Happy 4th of July, everyone :).
Whoo, made it to July! It’s been a reasonably crazy past two weeks, with submitting some of our research to a conference (the paper is at the first link here!) in addition to a lot of social!
As of yesterday, I’m in full-scale recovery mode: I think I slept 14 hours across multiple nap-eat-nap iterations. Having accumulated a decent amount of sleep debt, I’m trying to stave off the ensuing cold as aggressively as possible :P. There has been some success thus far, though I look back at my food choices and mealtimes the last few days and am very confused.
One has to cut down on some life dimensions when dealing with encroaching deadlines. Interestingly, I seem to have chosen some different dimensions this time compared to my usual: I incorporated way more social activities, and removed much more introspection and sleep. It’s interesting to me what activities I can consider “restful”: it seems that there’s a mode that I can take where I shut down all introspection and compensate by cramming my life with as much learning as possible in social and research domains. It didn’t work perfectly; I ended up doing a lot of late-night reading as a calming, but still anti-introspective activity, which meant that I kept falling behind on sleep. But altogether the final result isn’t bad. I don’t think I’ve ever tried this before because I didn’t have a sufficiently learning-intensive social activity. “Proper” learning– when I’m learning about something that’s interesting to me, and requires me to direct my attention along non-delineated paths to figure it out– is simultaneously calming and energizing for me. It’s a curious result that if I’m feeling worn down, the solution is often either to do a soothing, quiet activity, or it’s to start thinking about a possible solution to a social / introspective problem. The past two weeks also go to show that I have some pretty cool people around me, such that spending time with them feels like learning (and thus is restful and engaging, in my head.)

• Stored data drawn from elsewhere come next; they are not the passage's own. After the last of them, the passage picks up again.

Lemma nb_T_zbeta a c d :
  nb_T b (zbeta b a c d) =
  zbeta b (- d * N - floorR (- b * zbeta b a c d - nb_ell b)) (- a - d * M) (- c - d * M).
Proof.
  unfold nb_T at 1. set (e := floorR _). unfold zbeta. push_IZR.
  apply Rminus_diag_uniq.
  transitivity (- IZR d * (b ^ 3 - IZR M * b ^ 2 - IZR M * b - IZR N)); [ring|].
  rewrite b_root. ring.
Qed.

Lemma in_Zbeta_iter_nb_T q y : in_Zbeta b (y * b ^ q) -> in_Zbeta b (Nat.iter q (nb_T b) y).
Proof.
  revert y. induction q as [|q IH]; intros y Hy.
  - rewrite pow_O, Rmult_1_r in Hy. exact Hy.
  - rewrite Nat.iter_succ_r. apply IH. unfold nb_T. set (e := floorR _).
    replace ((- b * y - IZR e) * b ^ q) with (- (y * b ^ S q) + - (IZR e * b ^ q))
      by (simpl; ring).
    apply in_Zbeta_add; apply in_Zbeta_opp; [exact Hy|].
    apply in_Zbeta_mul; [apply in_Zbeta_IZR | apply in_Zbeta_pow].
Qed.

Lemma in_Zbeta_inv_of_nb_T w : b <> 0 -> in_Zbeta_inv b (nb_T b w) -> in_Zbeta_inv b w.
Proof.
  intros Hb HT. unfold nb_T in HT. set (e := floorR _) in HT.
  replace w with (- (- b * w - IZR e + IZR e) / b) by (field; exact Hb).
  apply in_Zbeta_inv_div; [exact Hb|]. apply in_Zbeta_inv_opp, in_Zbeta_inv_add; [exact HT|].
  apply in_Zbeta_inv_of_in_Zbeta, in_Zbeta_IZR.
Qed.

Lemma in_Zbeta_inv_of_orbit_0 N0 w : b <> 0 -> Nat.iter N0 (nb_T b) w = 0 -> in_Zbeta_inv b w.
Proof.
  intros Hb. revert w. induction N0 as [|N0 IH]; intros w Hw.
  - simpl in Hw. rewrite Hw. apply in_Zbeta_inv_of_in_Zbeta, (in_Zbeta_IZR 0).
  - rewrite Nat.iter_succ_r in Hw. apply in_Zbeta_inv_of_nb_T; [exact Hb|]. exact (IH _ Hw).
Qed.

Lemma in_Fin_in_Zbeta_inv x : 1 < b -> in_Fin b x -> in_Zbeta_inv b x.
Proof.
  intros Hb Hx. destruct (in_Fin_orbit_0 b Hb x Hx) as (k & N0 & HN0).
  replace x with (x / (- b) ^ k * (- b) ^ k) by (field; apply pow_nonzero; lra).
  apply in_Zbeta_inv_mul.
  - apply (in_Zbeta_inv_of_orbit_0 N0); [lra | exact HN0].
  - apply in_Zbeta_inv_pow, in_Zbeta_inv_opp, in_Zbeta_inv_of_in_Zbeta, in_Zbeta_self.
Qed.

End Zbeta.

(** * The case n < m *)

Section CubicRoot.

Variables (M N : Z) (b : R).
Hypotheses (N_ge_1 : (1 <= N)%Z) (N_le_M : (N <= M)%Z) (b_gt_1 : 1 < b)
  (b_root : b ^ 3 = IZR M * b ^ 2 + IZR M * b + IZR N).

Lemma cubic_root_bounds : IZR M < b < IZR M + 1.
Proof.
  apply IZR_le in N_ge_1, N_le_M.
  assert (0 < b ^ 2) by nra.
  split; nra.
Qed.

Section NonRing.

Hypothesis N_lt_M : (N < M)%Z.

Lemma cubic_root_gt_2 : 2 < b.
Proof.
  pose proof cubic_root_bounds. assert (2 <= IZR M) by (apply IZR_le; lia). lra.
Qed.

Lemma one_in_Fin : in_Fin b 1.
Proof.
  pose proof cubic_root_gt_2. destruct (inv_succ_bounds b b_gt_1) as [[Hv0 Hv2] Hv].
  assert (Hu : / b * b = 1) by (field; lra).
  assert (Hu0 : 0 < / b) by (apply Rinv_0_lt_compat; lra).
  assert (Hk : 1 / (- b) ^ 1 = - / b) by (simpl; field; lra).
  apply (in_Fin_intro b b_gt_1 1 1 1).
  - unfold nb_in_interval. rewrite Hk, nb_ell_eq by exact b_gt_1. nra.
  - intros j Hj. replace j with 0%nat by lia. unfold nb_in_interval.
    rewrite pow_O, Rdiv_1_r, nb_ell_eq by exact b_gt_1. lra.
  - rewrite Hk. simpl. rewrite (nb_T_eq b (- / b) 1); [field; lra|].
    rewrite nb_ell_eq by exact b_gt_1. nra.
Qed.

Lemma neg_inv_sq_orbit_prefix :
  Nat.iter 3 (nb_T b) (- / b ^ 2) = - IZR (N + 1) / (b + 1).
Proof.
  pose proof cubic_root_bounds. pose proof cubic_root_gt_2.
  destruct (inv_succ_bounds b b_gt_1) as [[Hv0 Hv2] Hv].
  assert (Hvu : / (b + 1) < / b) by (apply Rinv_lt_contravar; nra).
  assert (Hu : / b < 1 / 2) by (apply (Rmult_lt_reg_r b); [lra|]; rewrite Rinv_l; lra).
  assert (HNM : IZR N + 1 <= IZR M) by (rewrite <- plus_IZR; apply IZR_le; lia).
  apply IZR_le in N_ge_1.
  assert (E1 : nb_T b (- / b ^ 2) = / b - 1).
  { rewrite (nb_T_eq b _ 1); [field; lra|].
    replace (- b * - / b ^ 2) with (/ b) by (field; lra).
    rewrite nb_ell_eq by exact b_gt_1. lra. }
  assert (HbM : 2 < (b - IZR M) * b).
  { assert ((b - IZR M) * b ^ 2 = IZR M * b + IZR N) by nra. nra. }
  assert (E2 : nb_T b (/ b - 1) = b - 1 - IZR M).
  { rewrite (nb_T_eq b _ M); [field; lra|].
    replace (- b * (/ b - 1)) with (b - 1) by (field; lra).
    rewrite nb_ell_eq by exact b_gt_1. nra. }
  assert (Hid : - b * (b - 1 - IZR M) - 1 = - IZR (N + 1) * / (b + 1)).
  { apply (Rmult_eq_reg_r (b + 1)); [|lra]. rewrite Rmult_assoc, Rinv_l by lra.
    push_IZR. apply Rminus_diag_uniq.
    transitivity (- (b ^ 3 - IZR M * b ^ 2 - IZR M * b - IZR N)); [ring|].
    rewrite b_root. ring. }
  assert (E3 : nb_T b (b - 1 - IZR M) = - IZR (N + 1) / (b + 1)).
  { rewrite (nb_T_eq b _ 1); [unfold Rdiv; rewrite <- Hid; ring|].
    rewrite nb_ell_eq by exact b_gt_1.
    replace (- b * (b - 1 - IZR M) - (/ (b + 1) - 1)) with (2 - IZR (N + 2) * / (b + 1))
      by (rewrite !plus_IZR in *; lra).
    push_IZR. nra. }
  rewrite !Nat.iter_succ_r, E1, E2, E3. reflexivity.
Qed.

(* The expansion of [-1] is [1 M 1 • (N+1)(N+1)...], which never terminates. *)
Lemma neg_one_notin_Fin : ~ in_Fin b (-1).
Proof.
  pose proof cubic_root_bounds. pose proof cubic_root_gt_2.
  destruct (inv_succ_bounds b b_gt_1) as [[Hv0 Hv2] Hv].
  assert (Hvu : / (b + 1) < / b) by (apply Rinv_lt_contravar; nra).
  assert (Hu : / b < 1 / 2) by (apply (Rmult_lt_reg_r b); [lra|]; rewrite Rinv_l; lra).
  assert (Hfix : 0 <= IZR (N + 1) <= b).
  { split; [apply IZR_le; lia|]. assert (IZR (N + 1) <= IZR M) by (apply IZR_le; lia). lra. }
  assert (Hk2 : -1 / (- b) ^ 2 = - / b ^ 2) by (field; lra).
  assert (Hin2 : nb_in_interval b (- / b ^ 2)).
  { unfold nb_in_interval. rewrite nb_ell_eq by exact b_gt_1.
    replace (/ b ^ 2) with (/ b * / b) by (field; lra). nra. }
  intros (k & Hk & Hleast & N0 & HN0).
  assert (k = 2%nat) as ->.
  { destruct (Nat.lt_total k 2) as [Hlt|[Heq|Hgt]]; [exfalso| exact Heq |].
    - unfold nb_in_interval in Hk. rewrite nb_ell_eq in Hk by exact b_gt_1.
      destruct k as [|[|k]]; [| |lia].
      + rewrite pow_O, Rdiv_1_r in Hk. lra.
      + replace (-1 / (- b) ^ 1) with (/ b) in Hk by (field; lra). lra.
    - exfalso. apply (Hleast 2%nat Hgt). rewrite Hk2. exact Hin2. }
  specialize (HN0 (N0 + 3)%nat ltac:(lia)).
  unfold nb_digit in HN0. rewrite Hk2, Nat.iter_add, neg_inv_sq_orbit_prefix,
    iter_nb_T_fixed, nb_floor_fixed in HN0 by assumption.
  lia.
Qed.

*Note: the circular reason why learning is calming for me is that I feel like I should be constantly learning almost every moment in life. So when I have that feeling of growing, I don’t have to be antsy: I’m doing what I’m supposed to do. It’s falling into that sense of purpose that makes it feel so restful.

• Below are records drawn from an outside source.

Lemma ex_lim_RInt_dominated (f g : R -> R) (a : R) :
  (forall u b, ex_RInt f u b) -> (forall u b, ex_RInt g u b) ->
  (forall t, a <= t -> Rabs (f t) <= g t) ->
  (exists lg : R, filterlim (fun b => RInt g a b) (Rbar_locally p_infty) (locally lg)) ->
  exists lf : R, filterlim (fun b => RInt f a b) (Rbar_locally p_infty) (locally lf).
Proof.
  intros Hf Hg Hfg [lg Hlg].
  apply (filterlim_locally_cauchy (U := R_CompleteSpace)).
  intros eps.
  destruct (proj2 (filterlim_locally_cauchy (U := R_CompleteSpace) _) (ex_intro _ lg Hlg) eps)
    as [P [HP HPg]].
  exists (fun b => a <= b /\ P b). split.
  { apply filter_and; [exists a; intros; lra | exact HP]. }
  assert (Hcauchy : forall u b, a <= u <= b -> P u -> P b ->
            Rabs (RInt f a b - RInt f a u) < eps).
  { intros u b Hub Pu Pb.
    assert (Hsplit : forall h, (forall u b, ex_RInt h u b) ->
              RInt h a b - RInt h a u = RInt h u b).
    { intros h Hh. rewrite <- (RInt_Chasles h a u b) by apply Hh.
      unfold plus; simpl; ring. }
    rewrite Hsplit by exact Hf.
    apply (Rle_lt_trans _ (RInt g u b)).
    - apply (norm_RInt_le (V := R_NormedModule) f g u b);
        [lra | intros t Ht; apply Hfg; lra
        | apply (RInt_correct (V := R_CompleteNormedModule)), Hf
        | apply (RInt_correct (V := R_CompleteNormedModule)), Hg].
    - rewrite <- Hsplit by exact Hg.
      apply (Rle_lt_trans _ _ _ (Rle_abs _)), (HPg u b Pu Pb). }
  intros u b [Hu Pu] [Hb Pb].
  destruct (Rle_lt_dec u b).
  - apply Hcauchy; auto.
  - apply ball_sym, Hcauchy; auto; lra.
Qed.

Lemma RInt_exp_neg (k u b : R) : k <> 0 ->
  RInt (fun t => exp (- (k * t))) u b = (exp (- (k * u)) - exp (- (k * b))) / k.
Proof.
  intros Hk. apply is_RInt_unique.
  replace ((exp (- (k * u)) - exp (- (k * b))) / k)
    with (minus (- exp (- (k * b)) / k) (- exp (- (k * u)) / k))
    by (unfold minus, plus, opp; simpl; field; exact Hk).
  apply (is_RInt_derive (fun t => - exp (- (k * t)) / k)).
  - intros t _. auto_derive; [exact I | field; exact Hk].
  - intros t _. apply (ex_derive_continuous (K := R_AbsRing) (V := R_NormedModule)).
    auto_derive. exact I.
Qed.

Lemma filterlim_RInt_exp_neg (k : R) : 0 < k ->
  filterlim (fun b => RInt (fun t => exp (- (k * t))) 0 b)
    (Rbar_locally p_infty) (locally (/ k)).
Proof.
  intros Hk.
  apply (filterlim_ext (fun b => (1 - exp (- (k * b))) * / k)).
  { intros b. rewrite RInt_exp_neg, Rmult_0_r, Ropp_0, exp_0 by lra. reflexivity. }
  change (is_lim (fun b => (1 - exp (- (k * b))) * / k) p_infty (/ k)).
  replace (Finite (/ k)) with (Rbar_mult (1 - 0) (/ k)) by (simpl; f_equal; ring).
  apply (is_lim_scal_r (fun b => 1 - exp (- (k * b))) (/ k) p_infty (1 - 0)).
  apply (is_lim_minus _ _ _ 1 0); [apply is_lim_const | | reflexivity].
  apply (is_lim_comp exp (fun b => - (k * b)) p_infty 0 m_infty).
  - apply is_lim_exp_m.
  - apply (is_lim_ext (fun b => (- k) * b)); [intros; ring|].
    replace m_infty with (Rbar_mult (- k) p_infty).
    + apply is_lim_scal_l, is_lim_id.
    + simpl. case Rle_dec; intros; [exfalso; lra | reflexivity].
  - exists 0. intros; discriminate.
Qed.

Lemma ex_lim_RInt_exp_dominated (f : R -> R) (k : R) : 0 < k ->
  (forall t, continuous f t) -> (forall t, 0 <= t -> Rabs (f t) <= exp (- (k * t))) ->
  exists l : R, filterlim (fun b => RInt f 0 b) (Rbar_locally p_infty) (locally l).
Proof.
  intros Hk Hf Hdom.
  apply (ex_lim_RInt_dominated f (fun t => exp (- (k * t)))); auto.
  - intros. apply ex_RInt_of_continuous, Hf.
  - intros. apply ex_RInt_of_continuous. intros t.
    apply (ex_derive_continuous (K := R_AbsRing) (V := R_NormedModule)). auto_derive. exact I.
  - exists (/ k). apply filterlim_RInt_exp_neg, Hk.
Qed.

That said, I actually am pretty behind on all of the usual things. Most important is probably my other research projects (small ahhhhh! I have a meeting with my advisors to discuss this on Thurs, must prepare). There’s a good amount of email I’ve been ignoring, though I’ve mostly pushed that through today. I’m behind on health: need to nap more. And there were a few talks last week that I filmed but haven’t caught up on. The usual. Life’s pretty darn good.
Hmm :). My last fun news is this: Rationality Camp 2 is happening! Hahaha– I’m really excited. There’s a decent amount of travel for me coming up, so I’ll be in and out of Berkeley over the next two months…

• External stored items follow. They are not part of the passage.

(* Let $k\ge2$ and $n\in\mathbb{Z}$ with $\mathcal{F}_{n,k}(x)$ not identically zero. Then $$\mathcal{F}_{n,k}(x)=x^{r_{n,k}}\,(x^k+1)^{\rho_{n,k}}\,Q_{n,k}(x^k)$$ for a polynomial $Q_{n,k}(y)\in\mathbb{Z}[y]$ such that $Q_{n,k}(y)$ is not divisible by $y+1$ and $Q_{n,k}(0)\neq0$. Moreover, if $k$ is odd, then $x=-1$ is a root of $\mathcal{F}_{n,k}$ of multiplicity exactly $\rho_{n,k}$.
   Context: For $k\ge2$, the polynomials $\mathcal{F}_{n,k}(x)\in\mathbb{Z}[x]$ ($n\in\mathbb{Z}$) are defined by $\mathcal{F}_{1,k}=1$, $\mathcal{F}_{n,k}=0$ for $n=0,-1,\dots,-(k-2)$, and $\mathcal{F}_{n,k}(x)=\sum_{j=1}^{k}x^{k-j}\mathcal{F}_{n-j,k}(x)$ for all $n\in\mathbb{Z}$. This recurrence is used upwards for $n\ge2$, and downwards for $n\le-(k-1)$ as $\mathcal{F}_{n,k}=\mathcal{F}_{n+k,k}-\sum_{j=1}^{k-1}x^j\mathcal{F}_{n+j,k}$. The quantity $r_{n,k}\in\{0,\dots,k-1\}$ is defined as the residue of $(k-1)(n-1)$ modulo $k$ if $n>0$, and as the residue of $|n|+1$ modulo $k$ if $n\le0$. $\rho_{n,k}$ is defined as follows: let $a\in\{0,\dots,k\}$ be the residue of $n-2$ modulo $k+1$, and let $\rho_{n,k}\in\{0,\dots,k-1\}$ be the residue of $a$ modulo $k$. For $n\le0$ this equals $((k|n|-2)\bmod(k+1))\bmod k$. *)

From mathcomp Require Import all_boot all_order all_algebra.
Set Implicit Arguments. Unset Strict Implicit. Unset Printing Implicit Defensive.
Import Order.TTheory GRing.Theory Num.Theory.
Local Open Scope ring_scope.

(* history of a sequence defined by strong recursion: newest first,
   hist f m = [:: a_m; a_(m-1); ...; a_0] with a_m = f m (hist f m.-1) *)
Fixpoint hist (R : Type) (f : nat -> seq R -> R) (m : nat) : seq R :=
  match m with
  | 0 => [:: f 0%N [::]]
  | m'.+1 => let s := hist f m' in f m s :: s
  end.

(* upF k m = F_{m-(k-2), k}, for m >= 0, i.e. indices n >= -(k-2) *)
Definition up_step (k : nat) (m : nat) (s : seq {poly int}) : {poly int} :=
  if (m < k)%N then (if m == k.-1 then 1 else 0)
  else \sum_(j < k) 'X^(k - j.+1)%N * s`_j.
Definition upF (k m : nat) : {poly int} := head 0 (hist (up_step k) m).

(* dnF k m = F_{1-m, k}, for m >= 0, i.e. indices n <= 1
   (uses the downward recurrence F_n = F_{n+k} - sum_{j=1}^{k-1} x^j F_{n+j}) *)
Definition dn_step (k : nat) (m : nat) (s : seq {poly int}) : {poly int} :=
  if (m < k)%N then (if m == 0%N then 1 else 0)
  else s`_(k.-1) - \sum_(j < k.-1) 'X^(j.+1) * s`_j.
Definition dnF (k m : nat) : {poly int} := head 0 (hist (dn_step k) m).

Definition Fib (k : nat) (n : int) : {poly int} :=
  match n with
  | Posz p => if (p <= 1)%N then dnF k (1 - p)%N else upF k (p + k - 2)%N
  | Negz p => dnF k p.+2
  end.

Definition rnk (k : nat) (n : int) : nat :=
  match n with
  | Posz p => if (0 < p)%N then ((k - 1) * (p - 1) %% k)%N else ((p + 1) %% k)%N
  | Negz p => ((p.+1 + 1) %% k)%N
  end.

Definition rhonk (k : nat) (n : int) : nat :=
  (absz ((n - 2) %% (k.+1)%:Z)%Z %% k)%N.

(* The three-term recurrence X F_{n+1} = (X^k + 1) F_n - F_{n-k} drives
   everything.  Along the rows n = 1 - r - k p it shows that F_n is X^r times a
   polynomial P in X^k, and that the coefficient of X^r (that is P(0)) is a
   signed binomial coefficient, nonzero unless F_n = 0.  Along the rows
   n = 2 + b (k + 1) + a it shows that F_n = c X^e (X^k + 1)^rho modulo
   (X^k + 1)^(rho + 1), again with c a nonzero signed binomial coefficient;
   as X^k + 1 does not divide c X^e for e < k, exactly rho factors y + 1 can
   be pulled out of P.  For odd k, X + 1 is a simple factor of X^k + 1. *)

From mathcomp Require Import all_boot all_order all_algebra.
From mathcomp Require Import zify ring.
Import Order.TTheory GRing.Theory Num.Theory.
Set Implicit Arguments. Unset Strict Implicit. Unset Printing Implicit Defensive.
Local Open Scope ring_scope.

Section AdicLead.
Variable R : idomainType.
Implicit Types d v p : {poly R}.

Definition adic_lead d m v p := exists w, p = d ^+ m.+1 * w + v * d ^+ m.

Lemma adic_lead_id d v : adic_lead d 0 v v.
Proof. by exists 0; rewrite mulr0 add0r expr0 mulr1. Qed.

Lemma adic_lead0 d m : adic_lead d m 0 0.
Proof. by exists 0; rewrite mulr0 mul0r addr0. Qed.

Lemma adic_lead_congr d m v v' z p :
  v' = v + z * d -> adic_lead d m v p -> adic_lead d m v' p.
Proof. by move=> -> [w ->]; exists (w - z); rewrite exprS; ring. Qed.

Lemma adic_leadB d m v1 v2 p1 p2 :
  adic_lead d m v1 p1 -> adic_lead d m v2 p2 -> adic_lead d m (v1 - v2) (p1 - p2).
Proof. by move=> [w1 ->] [w2 ->]; exists (w1 - w2); ring. Qed.

Lemma adic_leadMl a d m v p : adic_lead d m v p -> adic_lead d m (a * v) (a * p).
Proof. by move=> [w ->]; exists (a * w); ring. Qed.

Lemma adic_leadMd d m v p : adic_lead d m v p -> adic_lead d m.+1 v (d * p).
Proof. by move=> [w ->]; exists w; rewrite !exprS; ring. Qed.

Lemma adic_lead_lt d m m' v p : (m < m')%N -> adic_lead d m' v p -> adic_lead d m 0 p.
Proof.
move=> lt_mm' [w ->]; have [n ->] : exists n, m' = (m.+1 + n)%N.
  by exists (m' - m.+1)%N; lia.
by exists (d ^+ n * (d * w + v)); rewrite mul0r addr0 exprSr exprD; ring.
Qed.

Lemma adic_lead_divX d m v p :
  d.[0] != 0 -> adic_lead d m ('X * v) ('X * p) -> adic_lead d m v p.
Proof.
move=> d0 [w hw]; have : root w 0.
  have := congr1 (horner^~ 0) hw; rewrite !hornerE /=.
  by move/esym/eqP; rewrite mulf_eq0 expf_eq0 (negbTE d0) andbF.
case/factor_theorem => w' hw'; exists w'; apply: (mulfI (negbT (polyX_eq0 R))).
by rewrite hw hw' subr0; ring.
Qed.

End AdicLead.

Section PolyInXk.
Variables (R : idomainType) (k : nat).
Hypothesis k_gt0 : (0 < k)%N.
Implicit Types p A P Q : {poly R}.

Definition homog_Xk r p := exists P, p = 'X^r * (P \Po 'X^k).

Lemma homog_Xk0 r : homog_Xk r 0.
Proof. by exists 0; rewrite comp_poly0 mulr0. Qed.

Lemma homog_XkXn r : homog_Xk r 'X^r.
Proof. by exists 1; rewrite -polyC1 comp_polyC mulr1. Qed.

Rationality Camp 2 (organization): July 13th-16th, slightly more southern CA
Cognitive Science Society Conference: July 24th-31st, London
Center for Brains, Minds, and Machines Summer School: August 13th-Sept 3rd, Woods Hole (MA)
[me, frantically trying to catch up from having missed the first two weeks of classes]: Sept 3rd-indefinite, UC Berkeley.
Summer’s moving along :). Happy holiday, US readers, and happy Tuesday otherwise!